* Task requirements
When you reach the line with "set (p := cpow_pos 2 (Copp s))." in the data below, begin printing lines exactly, and stop once the line with "by (apply cpow_pos_succ; lra)." has been printed.

Stored items
- Opening Delimiter -

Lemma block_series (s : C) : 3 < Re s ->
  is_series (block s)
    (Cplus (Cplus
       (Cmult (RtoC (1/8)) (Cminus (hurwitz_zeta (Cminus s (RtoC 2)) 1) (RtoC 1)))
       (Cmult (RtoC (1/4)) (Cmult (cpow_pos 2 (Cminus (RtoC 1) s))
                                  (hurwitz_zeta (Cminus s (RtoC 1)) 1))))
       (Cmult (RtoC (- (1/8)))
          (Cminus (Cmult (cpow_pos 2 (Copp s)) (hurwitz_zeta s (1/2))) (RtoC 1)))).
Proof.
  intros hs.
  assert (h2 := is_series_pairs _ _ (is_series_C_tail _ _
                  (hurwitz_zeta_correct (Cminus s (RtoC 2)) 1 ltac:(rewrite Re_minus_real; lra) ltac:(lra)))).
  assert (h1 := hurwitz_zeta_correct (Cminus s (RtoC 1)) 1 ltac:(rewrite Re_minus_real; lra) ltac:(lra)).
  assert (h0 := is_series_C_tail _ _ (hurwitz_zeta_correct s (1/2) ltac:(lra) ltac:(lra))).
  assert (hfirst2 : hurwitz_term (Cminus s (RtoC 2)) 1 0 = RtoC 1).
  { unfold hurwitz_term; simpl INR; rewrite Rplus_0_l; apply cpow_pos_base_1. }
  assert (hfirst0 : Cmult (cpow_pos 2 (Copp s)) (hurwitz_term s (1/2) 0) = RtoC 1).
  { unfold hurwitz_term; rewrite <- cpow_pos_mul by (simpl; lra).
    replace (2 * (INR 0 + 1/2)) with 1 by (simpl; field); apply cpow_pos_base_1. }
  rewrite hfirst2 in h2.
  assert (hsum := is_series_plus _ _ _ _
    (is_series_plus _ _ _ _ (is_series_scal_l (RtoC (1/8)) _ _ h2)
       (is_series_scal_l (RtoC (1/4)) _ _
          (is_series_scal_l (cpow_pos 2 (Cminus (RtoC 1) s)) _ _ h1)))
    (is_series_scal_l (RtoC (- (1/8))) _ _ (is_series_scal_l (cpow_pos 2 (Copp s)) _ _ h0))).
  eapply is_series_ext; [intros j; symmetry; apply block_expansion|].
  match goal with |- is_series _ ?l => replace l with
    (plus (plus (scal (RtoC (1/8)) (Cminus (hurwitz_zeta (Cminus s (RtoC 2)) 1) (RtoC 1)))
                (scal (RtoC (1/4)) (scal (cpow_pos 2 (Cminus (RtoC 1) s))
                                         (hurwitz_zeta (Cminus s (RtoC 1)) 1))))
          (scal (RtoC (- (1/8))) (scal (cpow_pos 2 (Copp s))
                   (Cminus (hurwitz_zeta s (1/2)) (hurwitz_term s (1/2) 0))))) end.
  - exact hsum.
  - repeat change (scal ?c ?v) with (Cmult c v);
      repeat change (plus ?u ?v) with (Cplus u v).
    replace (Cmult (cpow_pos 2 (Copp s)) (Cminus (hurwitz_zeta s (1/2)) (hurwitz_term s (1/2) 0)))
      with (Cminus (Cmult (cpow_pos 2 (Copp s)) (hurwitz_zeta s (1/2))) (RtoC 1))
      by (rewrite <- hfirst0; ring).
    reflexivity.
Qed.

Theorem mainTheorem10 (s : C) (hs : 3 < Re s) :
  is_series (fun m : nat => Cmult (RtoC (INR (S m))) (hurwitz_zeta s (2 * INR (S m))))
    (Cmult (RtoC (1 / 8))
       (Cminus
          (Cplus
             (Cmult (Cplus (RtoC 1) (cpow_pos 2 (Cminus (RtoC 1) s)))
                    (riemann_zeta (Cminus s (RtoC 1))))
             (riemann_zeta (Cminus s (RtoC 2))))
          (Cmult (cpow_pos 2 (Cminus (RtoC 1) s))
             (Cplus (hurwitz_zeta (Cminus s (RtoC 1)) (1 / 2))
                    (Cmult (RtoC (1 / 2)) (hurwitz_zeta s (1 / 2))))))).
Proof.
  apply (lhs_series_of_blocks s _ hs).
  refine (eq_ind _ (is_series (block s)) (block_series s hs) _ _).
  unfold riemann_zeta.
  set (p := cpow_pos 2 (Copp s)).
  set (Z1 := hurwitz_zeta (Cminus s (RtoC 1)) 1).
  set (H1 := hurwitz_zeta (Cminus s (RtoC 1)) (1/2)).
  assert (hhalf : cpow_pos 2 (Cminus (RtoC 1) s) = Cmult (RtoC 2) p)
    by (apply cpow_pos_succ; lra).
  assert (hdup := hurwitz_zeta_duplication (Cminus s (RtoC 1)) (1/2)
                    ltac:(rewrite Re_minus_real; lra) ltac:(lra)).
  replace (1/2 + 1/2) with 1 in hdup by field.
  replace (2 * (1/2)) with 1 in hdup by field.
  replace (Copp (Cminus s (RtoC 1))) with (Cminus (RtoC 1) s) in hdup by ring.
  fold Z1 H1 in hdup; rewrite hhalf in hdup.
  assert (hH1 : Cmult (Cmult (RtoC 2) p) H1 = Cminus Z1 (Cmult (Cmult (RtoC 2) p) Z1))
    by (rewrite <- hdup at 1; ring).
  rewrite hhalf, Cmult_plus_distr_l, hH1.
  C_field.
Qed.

- Closing Delimiter -
- Opening Delimiter -

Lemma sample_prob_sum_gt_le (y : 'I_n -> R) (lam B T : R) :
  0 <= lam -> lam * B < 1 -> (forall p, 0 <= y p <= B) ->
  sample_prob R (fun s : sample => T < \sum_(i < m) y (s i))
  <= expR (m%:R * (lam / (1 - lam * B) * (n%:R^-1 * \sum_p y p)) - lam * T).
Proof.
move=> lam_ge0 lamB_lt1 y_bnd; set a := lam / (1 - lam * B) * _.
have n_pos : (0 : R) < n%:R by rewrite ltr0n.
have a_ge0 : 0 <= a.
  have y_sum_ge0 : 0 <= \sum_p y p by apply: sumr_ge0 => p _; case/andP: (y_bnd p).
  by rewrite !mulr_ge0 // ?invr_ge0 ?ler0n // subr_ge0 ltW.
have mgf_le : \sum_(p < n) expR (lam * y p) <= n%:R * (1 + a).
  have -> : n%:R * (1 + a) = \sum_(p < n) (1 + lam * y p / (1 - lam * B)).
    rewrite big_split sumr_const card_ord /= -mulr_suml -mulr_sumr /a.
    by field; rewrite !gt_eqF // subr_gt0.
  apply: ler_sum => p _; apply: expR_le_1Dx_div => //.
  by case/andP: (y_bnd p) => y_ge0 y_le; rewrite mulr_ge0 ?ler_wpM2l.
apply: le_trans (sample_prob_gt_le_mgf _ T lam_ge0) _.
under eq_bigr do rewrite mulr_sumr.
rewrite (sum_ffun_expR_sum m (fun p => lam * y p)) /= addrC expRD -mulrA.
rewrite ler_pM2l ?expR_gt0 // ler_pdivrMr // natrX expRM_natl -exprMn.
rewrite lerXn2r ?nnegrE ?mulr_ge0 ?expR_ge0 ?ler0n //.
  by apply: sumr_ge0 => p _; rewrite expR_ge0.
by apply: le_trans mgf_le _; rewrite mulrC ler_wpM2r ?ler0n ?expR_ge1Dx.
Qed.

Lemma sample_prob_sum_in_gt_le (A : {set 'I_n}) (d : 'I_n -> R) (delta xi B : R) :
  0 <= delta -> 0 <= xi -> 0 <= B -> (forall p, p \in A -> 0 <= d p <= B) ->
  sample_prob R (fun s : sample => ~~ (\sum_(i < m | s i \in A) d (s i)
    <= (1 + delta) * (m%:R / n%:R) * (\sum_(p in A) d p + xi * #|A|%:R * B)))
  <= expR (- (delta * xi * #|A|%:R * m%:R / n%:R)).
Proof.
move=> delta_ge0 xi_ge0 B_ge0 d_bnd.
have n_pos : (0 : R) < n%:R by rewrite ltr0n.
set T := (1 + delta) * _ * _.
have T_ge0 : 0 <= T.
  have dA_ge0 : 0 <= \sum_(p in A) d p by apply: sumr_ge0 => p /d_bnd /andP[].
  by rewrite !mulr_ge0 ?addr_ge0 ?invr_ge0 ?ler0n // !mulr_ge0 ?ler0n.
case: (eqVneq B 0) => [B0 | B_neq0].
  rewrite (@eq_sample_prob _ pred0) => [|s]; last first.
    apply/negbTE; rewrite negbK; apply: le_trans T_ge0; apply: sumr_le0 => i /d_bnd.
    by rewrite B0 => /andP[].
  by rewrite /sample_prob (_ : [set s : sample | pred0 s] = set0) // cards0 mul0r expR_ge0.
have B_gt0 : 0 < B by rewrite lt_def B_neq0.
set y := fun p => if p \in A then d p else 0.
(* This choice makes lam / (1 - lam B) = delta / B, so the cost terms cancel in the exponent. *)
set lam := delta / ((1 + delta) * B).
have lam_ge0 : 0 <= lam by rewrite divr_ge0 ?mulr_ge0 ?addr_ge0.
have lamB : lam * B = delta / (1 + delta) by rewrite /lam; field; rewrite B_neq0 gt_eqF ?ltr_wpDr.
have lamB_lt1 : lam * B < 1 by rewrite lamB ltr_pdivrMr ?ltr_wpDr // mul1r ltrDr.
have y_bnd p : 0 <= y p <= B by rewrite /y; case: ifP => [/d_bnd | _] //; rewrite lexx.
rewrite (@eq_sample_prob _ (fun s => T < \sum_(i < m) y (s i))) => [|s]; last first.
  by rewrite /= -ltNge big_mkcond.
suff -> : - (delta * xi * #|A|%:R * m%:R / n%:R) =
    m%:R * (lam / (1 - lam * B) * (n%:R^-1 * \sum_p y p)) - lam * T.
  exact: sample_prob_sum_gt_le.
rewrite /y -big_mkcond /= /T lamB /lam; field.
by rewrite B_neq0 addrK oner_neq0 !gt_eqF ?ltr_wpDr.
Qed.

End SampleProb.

- Closing Delimiter -

* Your response
  set (p := cpow_pos 2 (Copp s)).
  set (Z1 := hurwitz_zeta (Cminus s (RtoC 1)) 1).
  set (H1 := hurwitz_zeta (Cminus s (RtoC 1)) (1/2)).
  assert (hhalf : cpow_pos 2 (Cminus (RtoC 1) s) = Cmult (RtoC 2) p)
    by (apply cpow_pos_succ; lra).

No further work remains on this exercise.